GRAMM REITERATES NEED FOR IMF REFORM

Sen. Phil Gramm, chairman of the Senate Committee on Banking, Housing and Urban Affairs, made the following statement today at a hearing on multilateral development institutions, such as the World Bank and other regional development banks.

The hearing, held by the Subcommittee on International Trade and Finance and chaired by subcommittee vice chairman Sen. Mike Crapo, R-Idaho, featured testimony from members of the International Financial Institution Advisory Commission, which recently recommended reforms at the World Bank and the International Monetary Fund.

"I want to thank Dr. Alan Meltzer and every member of the International Financial Institution Advisory Commission for beginning a very important debate. Part of our problem in this job is that we have a lot of things that are happening in many different areas. Almost all of them are closer to home than the World Bank and the IMF. Beneficiaries of the World Bank and the IMF do not vote in my elections.

"But these are important areas that represent at least an effort to fulfill America's mandate to carry freedom and economic opportunity to everybody in the world. I think the commission's report and the debate it has generated has benefitted us all by bringing these issues to the forefront.

"We are here today to look at the World Bank and the development banks, but I do want to say a couple of things about the International Monetary Fund. As many of you will remember, we worked out an agreement with the administration at the end of the last session of Congress to allow a partial revaluation of the IMF's gold reserves as part of a debt-relief effort. We did it only partially to give us an opportunity to look at how it was going.

"We have the potential this summer to go ahead and release the rest of the proceeds from that gold revaluation and also to exert world leadership by having the United States unilaterally forgive uncollectible debt. I had hoped that we would have the opportunity to consider and pass such a bill. I would have to say that, up to this point, we have not been successful in negotiating with the administration.

"Their view has been that debt relief is too important to deal with in the context of reform. My response has been a combination of A) it is too important not to consider in the context of reform and B) if it is not important enough to consider in the context of reform, then it is not important enough to do.

"I don't have any belief that we're going to change dramatically the IMF through this bill. But I do think that focusing the IMF on short-term lending and instituting some of the changes that have not been as controversial as others is a movement in the right direction.

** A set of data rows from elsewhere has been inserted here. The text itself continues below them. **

(* Truncating [phi] and [psi] at a level [c] above the terms entering two given
   partial sums reduces to the bounded case. *)
Lemma PNA_Enn_mul_ge phi psi :
  (forall m, 0 <= phi (restr A m))%R -> (forall m, 0 <= psi (restr B m))%R ->
  ((nondecr_on A phi /\ nonincr_on B psi) \/ (nonincr_on A phi /\ nondecr_on B psi)) ->
  Enn mu (fun m => phi (restr A m)) * Enn mu (fun m => psi (restr B m))
    <= Enn mu (fun m => phi (restr A m) * psi (restr B m))%R.
Proof.
move=> phi_ge0 psi_ge0 mono; have wt_ge0 := valid_wt_ge0 mu_valid.
rewrite {1 2}/Enn; apply: nneseriesM_le => [n|n|k l]; rewrite ?mulr_ge0//.
pose c := (\sum_(0 <= i < k) phi (restr A (pt mu i)) + \sum_(0 <= i < l) psi (restr B (pt mu i)))%R.
have c_ge0 : (0 <= c)%R by rewrite addr_ge0// sumr_ge0.
have phi_le_c i : (i < k)%N -> (phi (restr A (pt mu i)) <= c)%R.
  move=> ik; apply: le_trans (sumr_ge_term (fun j => phi_ge0 (pt mu j)) ik) _.
  by rewrite lerDl sumr_ge0.
have psi_le_c i : (i < l)%N -> (psi (restr B (pt mu i)) <= c)%R.
  move=> il; apply: le_trans (sumr_ge_term (fun j => psi_ge0 (pt mu j)) il) _.
  by rewrite lerDr sumr_ge0.
pose phic m := Num.min (phi m) c; pose psic m := Num.min (psi m) c.
have phic_bd m : (0 <= phic (restr A m) <= c)%R by rewrite le_min phi_ge0 c_ge0 ge_min lexx orbT.
have psic_bd m : (0 <= psic (restr B m) <= c)%R by rewrite le_min psi_ge0 c_ge0 ge_min lexx orbT.
have phic_ge0 m := (andP (phic_bd m)).1; have psic_ge0 m := (andP (psic_bd m)).1.
have trunc_le := @PNA_Enn_mul_ge_bounded phic psic c phic_bd psic_bd.
apply: le_trans (le_trans (trunc_le _) _).
- apply: lee_pmul; try by apply: sume_ge0 => i _; rewrite lee_fin mulr_ge0.
  + apply: sum_le_nneseries => i; first by rewrite lee_fin mulr_ge0.
    by move=> ik; rewrite /phic min_l ?phi_le_c.
  + apply: sum_le_nneseries => i; first by rewrite lee_fin mulr_ge0.
    by move=> il; rewrite /psic min_l ?psi_le_c.
- by case: mono => -[phi_mono psi_mono]; [left|right]; split=> m m' mm';
    apply: le_min2 (lexx c); [exact: phi_mono|exact: psi_mono|exact: phi_mono|exact: psi_mono].
apply: le_Enn => // [m|m]; first by rewrite mulr_ge0.
by rewrite ler_pM// ge_min lexx.
Qed.

End DisjointBlocks.
End PNASingletons.

Section FunrposnegM.
Variables (T : Type) (R : realDomainType).
Implicit Types (f g : T -> R).

Lemma funrposM f g : (f \* g)^\+ = f^\+ \* g^\+ \+ f^\- \* g^\-.
Proof.
have pos (z : R) : 0 <= z -> Num.max z 0 = z /\ Num.max (- z) 0 = 0.
  by move=> z0; rewrite max_l// max_r// oppr_le0.
have neg (z : R) : z <= 0 -> Num.max z 0 = 0 /\ Num.max (- z) 0 = - z.
  by move=> z0; rewrite max_r// max_l// oppr_ge0.
apply/funext => x; rewrite /funrpos /funrneg /=.
have [fx0|fx0] := orP (le_total 0 (f x)); have [gx0|gx0] := orP (le_total 0 (g x)).
- have [-> ->] := pos _ fx0; have [-> ->] := pos _ gx0.
  by have [-> _] := pos _ (mulr_ge0 fx0 gx0); rewrite mulr0 !addr0.
- have [-> ->] := pos _ fx0; have [-> ->] := neg _ gx0.
  by have [-> _] := neg _ (mulr_ge0_le0 fx0 gx0); rewrite mulr0 mul0r addr0.
- have [-> ->] := neg _ fx0; have [-> ->] := pos _ gx0.
  by have [-> _] := neg _ (mulr_le0_ge0 fx0 gx0); rewrite mulr0 mul0r addr0.
- have [-> ->] := neg _ fx0; have [-> ->] := neg _ gx0.
  by have [-> _] := pos _ (mulr_le0 fx0 gx0); rewrite mul0r add0r mulrNN.
Qed.

Lemma funrnegM f g : (f \* g)^\- = f^\+ \* g^\- \+ f^\- \* g^\+.
Proof.
have -> : (f \* g)^\- = (f \* \- g)^\+ by apply/funext => x; rewrite /funrneg /funrpos /= mulrN.
by rewrite funrposM funrposN funrnegN.
Qed.

End FunrposnegM.

Section PositiveNegativeParts.
Variables (R : realType) (A : {fset var}) (f : rmem R -> R).

Lemma nondecr_on_funrposneg : nondecr_on A f -> nondecr_on A f^\+ /\ nonincr_on A f^\-.
Proof. by move=> f_mono; split=> m m' mm'; apply: le_max2 (lexx 0%R); rewrite ?lerN2 f_mono. Qed.

Lemma nonincr_on_funrposneg : nonincr_on A f -> nonincr_on A f^\+ /\ nondecr_on A f^\-.
Proof. by move=> f_mono; split=> m m' mm'; apply: le_max2 (lexx 0%R); rewrite ?lerN2 f_mono. Qed.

"Also, I would say that the people in Texas who I work for are understanding people. They pay their bills, and nobody forgives their debt. But I think they want to know, if we're going to forgive debt, that we've put in place a system in which progress can be made and benefits can be gained from debt forgiveness. My constituents want to know that the benefit of the debt forgiveness, that is lifting the cost of servicing the debt, will go into areas that will promote economic growth and jobs.

"We are at an impasse with the administration. We're certainly willing to continue to work with them, but the bottom line is that we're about to have an election, and we're going to have a new president. If we can work out a reasonable agreement, we'll do it with this administration. But if we can't, we'll wait for the next administration.

"I am willing to compromise, but only if we're going in the right direction. I hope the administration will yet come to an agreement with us and let us pass this bill. I would like to pass this bill on debt forgiveness. I think it's an important thing for the United States to do, and it would give us the moral high ground in this whole debate."